A cape from 1882 associated with Queen Kapi’olani (1834-1899) — fashioned from brown pheasant feathers, brown and black fowl feathers, velvet, silk and “frog-style” clasps — would even today make a dashing splash, thrown over a pair of creamy young shoulders at the opera.

The British Museum houses five feathered god images. In the book “Royal Hawaiian Featherwork” (University of Hawaii Press, 2015), poet-scholar Noelle Kahanu observes of seeing them: “I was not prepared for their size, their intensity, or their magnitude, in numbers but also in sheer presence. … What I experienced was a profound sense not of my looking at them, but of their looking at me.
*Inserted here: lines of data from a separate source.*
(* Let $D\ge 1$, $\mu>1$ and $\theta>0$. Let $(V,T)$ be a Galton–Watson tree of depth $D$ (truncated at generation $D$) with root $v_o$ and offspring distribution of mean $\mu$, and let $V_d$ be the set of nodes at depth $d$. Set \[ \rho_d:=\frac{\theta(\mu-1)}{(\theta-1)(\mu-1)+\mu^d-1},\quad d=1,\dots,D-1,\qquad \rho_D:=0. \] Conditionally on the tree, let $\{Z_v, v\in V\setminus\{v_o\}\}$ be independent Bernoulli variables with $\mathbf{E}[Z_v]=\rho_d$ for $v\in V_d$, and assign labels as follows: the root gets label $0$; in order of increasing depth, a node with $Z_v=0$ takes its parent's label, and a node with $Z_v=1$ takes a new label not used before. Then the expected number of distinct labels among all vertices of the tree is \[ K(\mu,D,\theta)=1+\theta(\mu-1)\sum_{d=1}^{D-1}\frac{1}{1+(\theta\mu-\theta-\mu)\mu^{-d}}. \]
   Context: The number of distinct labels equals $1+\sum_{v\ne v_o}Z_v$. For $\theta>0$, $\mu>1$ the numbers $\rho_d$ lie in $(0,1]$ with $\rho_1=1$. *)

From HB Require Import structures.
From mathcomp Require Import all_boot all_order all_algebra.
From mathcomp Require Import all_classical all_reals all_analysis.
Set Implicit Arguments. Unset Strict Implicit. Unset Printing Implicit Defensive.
Import Order.TTheory GRing.Theory Num.Theory.
Local Open Scope classical_set_scope.
Local Open Scope ring_scope.

(* Ulam-Harris words: the root is [::]; the i-th child (i = 0,1,...) of the
   word u is  i :: u  (so the parent of i :: u is u, and depth = size). *)

Fixpoint gw_gen (xi : seq nat -> nat) (d : nat) : seq (seq nat) :=
  match d with
  | 0 => [:: [::]]
  | d'.+1 => flatten [seq [seq i :: u | i <- iota 0 (xi u)] | u <- gw_gen xi d']
  end.

Definition gw_vertices (xi : seq nat -> nat) (D : nat) : seq (seq nat) :=
  flatten [seq gw_gen xi d | d <- iota 0 D.+1].

(* Labelling: the root has label None (= "0"); a non-root vertex v with
   Z v = true receives the fresh label Some v (never used before), and a
   vertex with Z v = false inherits the label of its parent. *)
Fixpoint gw_label (Z : seq nat -> bool) (u : seq nat) : option (seq nat) :=
  match u with
  | [::] => None
  | _ :: u' => if Z u then Some u else gw_label Z u'
  end.

Definition gw_nlabels (xi : seq nat -> nat) (Z : seq nat -> bool) (D : nat) : nat :=
  size (undup [seq gw_label Z v | v <- gw_vertices xi D]).

Definition gw_rho {R : realType} (mu theta : R) (D d : nat) : R :=
  if d == D then 0
  else theta * (mu - 1) / ((theta - 1) * (mu - 1) + mu ^+ d - 1).

Definition gw_K {R : realType} (mu : R) (D : nat) (theta : R) : R :=
  1 + theta * (mu - 1) *
      \sum_(1 <= d < D) (1 + (theta * mu - theta - mu) * mu ^- d)^-1.

Definition indep_nat_family {R : realType} {dT : measure_display}
  {T : measurableType dT} (P : probability T R) (I : eqType)
  (X : I -> T -> nat) : Prop :=
  forall (s : seq I) (f : I -> nat), uniq s ->
    P [set w | forall i, i \in s -> X i w = f i] =
    (\prod_(i <- s) P [set w | X i w = f i])%E.

From HB Require Import structures.
From mathcomp Require Import all_boot all_order all_algebra.
From mathcomp Require Import all_classical all_reals all_analysis.
From mathcomp Require Import measurable_realfun ring.
Set Implicit Arguments.
Unset Strict Implicit.
Unset Printing Implicit Defensive.
Import Order.TTheory GRing.Theory Num.Theory.
Local Open Scope classical_set_scope.
Local Open Scope ring_scope.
It was as if they were asking me, ‘Who are you?’ ‘Why are we here?’ ‘What are you going to do about it?’ To be in the presence of sacred objects, created in a time so very different from our own, is to ask ourselves, ‘How have we changed?’”  

The follower of Christ, of course, continually in the presence of sacred objects, asks those questions every day.

In 1893, a coup led primarily by U.S.-based businessmen deposed Queen Lili’uokalani, the last of the reigning monarchs. The Republic of Hawai’i was annexed to the United States in 1898. The royal featherwork was removed from the ‘Iolani Palace and relegated to the Bishop Museum. 

Thus was colonial rule established.

Thus, the birds fell from the sky, and were silenced.

Heather King is a blogger, speaker and author of several books.